Throggs Neck’s Janet Pizzo claimed in a $15 million suit that during a seven-year affair with Manhattan Rabbi Joel Goor, of the Metropolitan Synagogue of New York, the couple signed a cohabitation agreement stipulating that she would get liposuction, further her education, and continue working for the rabbi.

Pizzo claims that the deal stipulated she would get ownership of half of his house and at least $125,000 if the relationship ended, which it did in 2006, after Pizzo suspected Goor, who was twice married, of seeing another woman, resulting in their breakup 

Pizzo was shocked to learn, after her 7-year affair abruptly ended, that her name was never added to the home’s title. She claims to have received no money.

According to published reports, Goor was still married when he signed the bizarre agreement, although his wife never knew of the affair.

A state appeals panel dismissed the lawsuit, saying the contract could not be enforced because it was facilitating adultery, noting recurring romps the couple had in the rabbi’s office at the synagogue.
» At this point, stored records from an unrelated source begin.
(* Let $R$ be a countable ring and $\mathcal L$ an elementary class of left $R$-modules. A module $M\in\mathcal L$ is strict $\mathcal L$-atomic if and only if every countable subset of $M$ is contained in a countable submodule $N$ of $M$ such that $N$ is locally split in $M$, $N\in\mathcal L$, and $N$ is strict $\mathcal L$-atomic.
   Context: Modules are left $R$-modules. An elementary class is a class of modules axiomatized by (finitary) first-order sentences in the language of left $R$-modules. pp formulas as usual. $(M,\bar m)$ is an $\mathcal L$-free realization of a pp formula $\phi$ if $\bar m\in\phi(M)$ and for every $L\in\mathcal L$ and $\bar c\in\phi(L)$ there is a homomorphism $M\to L$ sending $\bar m$ to $\bar c$; $M$ is strict $\mathcal L$-atomic if every finite tuple of $M$ is an $\mathcal L$-free realization of some pp formula. A submodule $N\subseteq M$ is locally split if for every finite tuple $\bar n$ in $N$ there is a homomorphism $g:M\to N$ with $g(\bar n)=\bar n$. *)

From mathcomp Require Import all_boot all_algebra.
Set Implicit Arguments. Unset Strict Implicit. Unset Printing Implicit Defensive.
Import GRing.Theory.
Local Open Scope ring_scope.

Definition countable_type (T : Type) : Prop := exists f : T -> nat, injective f.
Definition countable_set (T : Type) (S : T -> Prop) : Prop :=
  exists f : T -> nat, forall x y, S x -> S y -> f x = f y -> x = y.

Section Modules.
Variable R : pzRingType.

Inductive term : Type :=
  | TVar of nat
  | TZero
  | TAdd of term & term
  | TOpp of term
  | TScale of R & term.

Inductive formula : Type :=
  | FEq of term & term
  | FFalse
  | FNot of formula
  | FAnd of formula & formula
  | FOr of formula & formula
  | FImp of formula & formula
  | FForall of nat & formula
  | FExists of nat & formula.

Fixpoint term_free (x : nat) (t : term) : Prop :=
  match t with
  | TVar y => x = y
  | TZero => False
  | TAdd t1 t2 => term_free x t1 \/ term_free x t2
  | TOpp t1 => term_free x t1
  | TScale _ t1 => term_free x t1
  end.

Fixpoint formula_free (x : nat) (f : formula) : Prop :=
  match f with
  | FEq t1 t2 => term_free x t1 \/ term_free x t2
  | FFalse => False
  | FNot g => formula_free x g
  | FAnd g h | FOr g h | FImp g h => formula_free x g \/ formula_free x h
  | FForall y g | FExists y g => x <> y /\ formula_free x g
  end.

Definition sentence (f : formula) : Prop := forall x, ~ formula_free x f.

Definition upd (M : Type) (e : nat -> M) (n : nat) (v : M) : nat -> M :=
  fun k => if k == n then v else e k.

Fixpoint eval_term (M : lmodType R) (e : nat -> M) (t : term) : M :=
  match t with
  | TVar y => e y
  | TZero => 0
  | TAdd t1 t2 => eval_term e t1 + eval_term e t2
  | TOpp t1 => - eval_term e t1
  | TScale r t1 => r *: eval_term e t1
  end.

Fixpoint sat (M : lmodType R) (e : nat -> M) (f : formula) : Prop :=
  match f with
  | FEq t1 t2 => eval_term e t1 = eval_term e t2
  | FFalse => False
  | FNot g => ~ sat e g
  | FAnd g h => sat e g /\ sat e h
  | FOr g h => sat e g \/ sat e h
  | FImp g h => sat e g -> sat e h
  | FForall n g => forall v : M, sat (upd e n v) g
  | FExists n g => exists v : M, sat (upd e n v) g
  end.

(* M |= f for a sentence f (the environment is irrelevant; we use 0) *)
Definition models (M : lmodType R) (f : formula) : Prop := sat (fun _ => (0 : M)) f.

Definition elementary (L : lmodType R -> Prop) : Prop :=
  exists T : formula -> Prop,
    (forall f, T f -> sentence f) /\
    (forall M : lmodType R, L M <-> (forall f, T f -> models M f)).

Definition is_hom (M N : lmodType R) (f : M -> N) : Prop :=
  (forall x y, f (x + y) = f x + f y) /\ (forall (r : R) x, f (r *: x) = r *: f x).

(* A pp formula phi(x_0..x_{n-1}) :
     exists y_0..y_{m-1}, /\_{e<k}  sum_i A e i x_i + sum_j B e j y_j = 0 *)
Record ppf (n : nat) : Type := PPF {
  pp_m : nat;
  pp_k : nat;
  pp_A : 'I_pp_k -> 'I_n -> R;
  pp_B : 'I_pp_k -> 'I_pp_m -> R }.
Arguments pp_m {n}. Arguments pp_k {n}. Arguments pp_A {n}. Arguments pp_B {n}.

Definition pp_sat (n : nat) (phi : ppf n) (M : lmodType R) (x : 'I_n -> M) : Prop :=
  exists y : 'I_(pp_m phi) -> M,
    forall e : 'I_(pp_k phi),
      \sum_(i < n) pp_A phi e i *: x i + \sum_(j < pp_m phi) pp_B phi e j *: y j = 0.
The State Supreme Court had already dismissed the case.

Pizzo’s attorney, Rosemarie Arnold, said that the contract is not directly related to adultery.

“The contract has to do with her job at his synagogue, looking presentable for his constituents and getting into the Jewish faith, which has noting to do with adultery,” Arnold stated. “She provided cleaning services, laundry services, and decorated his house.”

Arnold also said Pizzo put a down payment on the house the couple shared in Throggs Neck, found the house when it was for sale, and made mortgage payments. Arnold said Pizzo even helped Goor write some of his sermons.

“There was an affair, but this contract is not based solely on adultery,” Arnold further clarified.

Arnold confirmed she has further plans for the case, but did not discuss any details.

Pizzo, who worked at Goor’s synagogue sporadically over a seven-year period, also claimed that the rabbi verbally abused her, tantalized her, and threatened to stroll naked in front of her 17-year-old daughter.

Other claims falling under the suit’s umbrella included creating a hostile work environment, sexual harassment, intentional infliction of emotional distress and constructive eviction.

When the suit first began, Pizzo was oddly enough still residing in the house she and Goor shared as a couple. Arnold said it was because she had no place else to go.

Goor’s attorney, Barry Berger, declined comment on the case.

Pizzo, who formerly worked at the Bronx Penny Pincher, did not return phone calls placed to her voicemail.